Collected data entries
(*   enc     : the (fixed) way a list of solutions with their reasoning traces *)
(*             is combined into one input string for the reasoning function    *)
(*   crit    : additional user output criterion of the decision engine,        *)
(*             crit term round history s (arbitrary)                           *)
Record Setup := {
  N : nat;
  Sym : Type;
  Ctx : Type;
  task : seq Sym;
  enc : seq (seq Sym) -> seq Sym;
  reason : 'I_N -> Ctx -> seq Sym -> Ctx * seq Sym;
  ctx0 : 'I_N -> Ctx;
  crit : nat -> nat -> seq (nat * seq (seq Sym)) -> seq Sym -> Prop
}.

Definition Str (S : Setup) := seq (Sym S).
Definition agent (S : Setup) := 'I_(N S).

Definition quorum (S : Setup) (l : seq (agent S)) : bool :=
  (N S < 2 * size (undup l))%N.

Inductive payload (S : Setup) :=
| RequestVote (T : nat)
| Vote (T : nat)
| Task (T : nat) (t : Str S)
| Solution (T : nat) (id : agent S) (s : Str S)
| RefmSet (T r : nat) (R : seq (Str S))
| Refm (T : nat) (id : agent S) (r : nat) (x : Str S)
| NewTerm (T : nat)
| NewTermAck (T oldT : nat) (id : agent S) (r : nat) (R : option (seq (Str S))).

Record msg (S : Setup) := Msg { src : agent S; dst : agent S; pay : payload S }.

Inductive role := Leader | Candidate | Worker.

(* leader sub-phase: collecting Solutions, collecting NewTermAcks, refining *)
Inductive lphase := PNone | PSol | PAck | PRefine.

Record ackrec (S : Setup) :=
  Ack { a_old : nat; a_id : agent S; a_round : nat; a_R : option (seq (Str S)) }.

Record lstate (S : Setup) := LState {
  alive : bool;
  term : nat;
  rol : role;
  round : nat;
  refmset : option (seq (Str S));
  ctx : Ctx S;
  votes : seq (agent S);
  phase : lphase;
  coll : seq (agent S * Str S);       (* Solution / Refm messages collected (leader) *)
  acks : seq (ackrec S);
  hist : seq (nat * seq (Str S));     (* refinement sets collected in this term *)
  outr : seq nat                      (* rounds in which a solution was output *)
}.

Definition enter S (st : lstate S) T r (v : seq (agent S)) : lstate S :=
  LState (alive st) T r 0 (refmset st) (ctx st) v PNone [::] [::] [::] [::].

Definition adopt S (st : lstate S) T := enter st T Worker [::].

Definition with_lead S (st : lstate S) ph rnd (c : seq (agent S * Str S)) a h : lstate S :=
  LState (alive st) (term st) Leader rnd (refmset st) (ctx st) (votes st) ph c a h (outr st).

Definition with_refm S (st : lstate S) r R c : lstate S :=
  LState (alive st) (term st) (rol st) r (Some R) c (votes st) (phase st) (coll st)
         (acks st) (hist st) (outr st).

Definition with_ctx S (st : lstate S) c : lstate S :=
  LState (alive st) (term st) (rol st) (round st) (refmset st) c (votes st) (phase st)
         (coll st) (acks st) (hist st) (outr st).

Definition with_votes S (st : lstate S) v : lstate S :=
  LState (alive st) (term st) (rol st) (round st) (refmset st) (ctx st) v (phase st)
         (coll st) (acks st) (hist st) (outr st).

Definition with_outr S (st : lstate S) o : lstate S :=
  LState (alive st) (term st) (rol st) (round st) (refmset st) (ctx st) (votes st) (phase st)
         (coll st) (acks st) (hist st) o.

Definition kill S (st : lstate S) : lstate S :=
  LState false (term st) (rol st) (round st) (refmset st) (ctx st) (votes st) (phase st)
         (coll st) (acks st) (hist st) (outr st).

Definition bcast S (i : agent S) (p : payload S) : seq (msg S) :=
  [seq Msg i j p | j <- enum 'I_(N S)].

Definition lex_le (a b : nat * nat) : bool :=
  (a.1 < b.1)%N || ((a.1 == b.1) && (a.2 <= b.2)%N).

(* [handle i st from p st' out g]: agent i in local state st processes payload p
   sent by [from]; it moves to st', sends the messages out, and g lists the
   individual solutions R(t) it generated (for the task). *)
Inductive handle (S : Setup) (i : agent S) (st : lstate S) (from : agent S) :
  payload S -> lstate S -> seq (msg S) -> seq (agent S * Str S) -> Prop :=
| H_RequestVote T :
    (term st < T)%N ->
    handle i st from (@RequestVote S T) (adopt st T) [:: Msg i from (@Vote S T)] [::]
| H_Vote_wait T :
    rol st = Candidate -> term st = T ->
    ~~ quorum (undup (from :: votes st)) ->
    handle i st from (@Vote S T) (with_votes st (undup (from :: votes st))) [::] [::]
| H_Vote_elected_first T :
    rol st = Candidate -> term st = T -> T = 1 ->
    quorum (undup (from :: votes st)) ->
    handle i st from (@Vote S T)
      (with_lead (with_votes st (undup (from :: votes st))) PSol 0 [::] [::] [::])
      (bcast i (@Task S T (task S))) [::]
| H_Vote_elected_change T :
    rol st = Candidate -> term st = T -> T <> 1 ->
    quorum (undup (from :: votes st)) ->
    handle i st from (@Vote S T)
      (with_lead (with_votes st (undup (from :: votes st))) PAck 0 [::] [::] [::])
      (bcast i (@NewTerm S T)) [::]
| H_Task T t :
    (term st <= T)%N ->
    let st0 := if (term st < T)%N then adopt st T else st in
    let cr := reason i (ctx st0) t in
    handle i st from (@Task S T t) (with_ctx st0 cr.1)
      [:: Msg i from (Solution T i cr.2)] [:: (i, cr.2)]
| H_Solution_wait T j s :
    rol st = Leader -> term st = T -> phase st = PSol ->
    j \notin map fst (coll st) ->
    ~~ quorum (map fst (rcons (coll st) (j, s))) ->
    handle i st from (Solution T j s)
      (with_lead st PSol (round st) (rcons (coll st) (j, s)) (acks st) (hist st)) [::] [::]
| H_Solution_done T j s :
    rol st = Leader -> term st = T -> phase st = PSol ->
    j \notin map fst (coll st) ->
    quorum (map fst (rcons (coll st) (j, s))) ->
    handle i st from (Solution T j s)
      (with_lead st PRefine 1 [::] (acks st) (hist st))
      (bcast i (RefmSet T 1 (map snd (rcons (coll st) (j, s))))) [::]
| H_RefmSet T r R :
    (term st < T)%N \/ (term st = T /\ (round st <= r)%N) ->
    let st0 := if (term st < T)%N then adopt st T else st in
    let cr := reason i (ctx st0) (enc R) in
    handle i st from (RefmSet T r R) (with_refm st0 r R cr.1)
      [:: Msg i from (Refm T i r cr.2)] [::]
| H_Refm_wait T j r x :
    rol st = Leader -> term st = T -> phase st = PRefine -> round st = r ->
    j \notin map fst (coll st) ->
    ~~ quorum (map fst (rcons (coll st) (j, x))) ->
    handle i st from (Refm T j r x)
      (with_lead st PRefine r (rcons (coll st) (j, x)) (acks st) (hist st)) [::] [::]
| H_Refm_done T j r x :
    rol st = Leader -> term st = T -> phase st = PRefine -> round st = r ->
    j \notin map fst (coll st) ->
    quorum (map fst (rcons (coll st) (j, x))) ->
    let Rb := map snd (rcons (coll st) (j, x)) in
    handle i st from (Refm T j r x)
      (with_lead st PRefine r.+1 [::] (acks st) (rcons (hist st) (r, Rb)))
      (bcast i (RefmSet T r.+1 Rb)) [::]
| H_NewTerm T :
    (term st < T)%N ->
    handle i st from (@NewTerm S T) (adopt st T)
      [:: Msg i from (NewTermAck T (term st) i (round st) (refmset st))] [::]
| H_Ack_wait T oT j r R :
    rol st = Leader -> term st = T -> phase st = PAck ->
    j \notin map (@a_id S) (acks st) ->
    ~~ quorum (map (@a_id S) (rcons (acks st) (Ack oT j r R))) ->
    handle i st from (NewTermAck T oT j r R)
      (with_lead st PAck (round st) (coll st) (rcons (acks st) (Ack oT j r R)) (hist st))
      [::] [::]
| H_Ack_none T oT j r R :
    rol st = Leader -> term st = T -> phase st = PAck ->
    j \notin map (@a_id S) (acks st) ->
    let A := rcons (acks st) (Ack oT j r R) in
    quorum (map (@a_id S) A) ->
    (forall a, List.In a A -> a_R a = None) ->
    handle i st from (NewTermAck T oT j r R)
      (with_lead st PSol 0 [::] A (hist st)) (bcast i (@Task S T (task S))) [::]
| H_Ack_select T oT j r R a R0 :
    rol st = Leader -> term st = T -> phase st = PAck ->
    j \notin map (@a_id S) (acks st) ->
    let A := rcons (acks st) (Ack oT j r R) in
    quorum (map (@a_id S) A) ->
    List.In a A -> a_R a = Some R0 ->
    (forall b, List.In b A -> a_R b <> None ->
       lex_le (a_old b, a_round b) (a_old a, a_round a)) ->
    handle i st from (NewTermAck T oT j r R)
      (with_lead st PRefine 1 [::] A (hist st)) (bcast i (RefmSet T 1 R0)) [::].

PROBLEM — Beginning at the line with "Inductive lphase := PNone" and ending at the line with "LState (alive st) T", reproduce each line of the data above exactly, and add no other lines.

SOLUTION —
Inductive lphase := PNone | PSol | PAck | PRefine.

Record ackrec (S : Setup) :=
  Ack { a_old : nat; a_id : agent S; a_round : nat; a_R : option (seq (Str S)) }.

Record lstate (S : Setup) := LState {
  alive : bool;
  term : nat;
  rol : role;
  round : nat;
  refmset : option (seq (Str S));
  ctx : Ctx S;
  votes : seq (agent S);
  phase : lphase;
  coll : seq (agent S * Str S);       (* Solution / Refm messages collected (leader) *)
  acks : seq (ackrec S);
  hist : seq (nat * seq (Str S));     (* refinement sets collected in this term *)
  outr : seq nat                      (* rounds in which a solution was output *)
}.

Definition enter S (st : lstate S) T r (v : seq (agent S)) : lstate S :=
  LState (alive st) T r 0 (refmset st) (ctx st) v PNone [::] [::] [::] [::].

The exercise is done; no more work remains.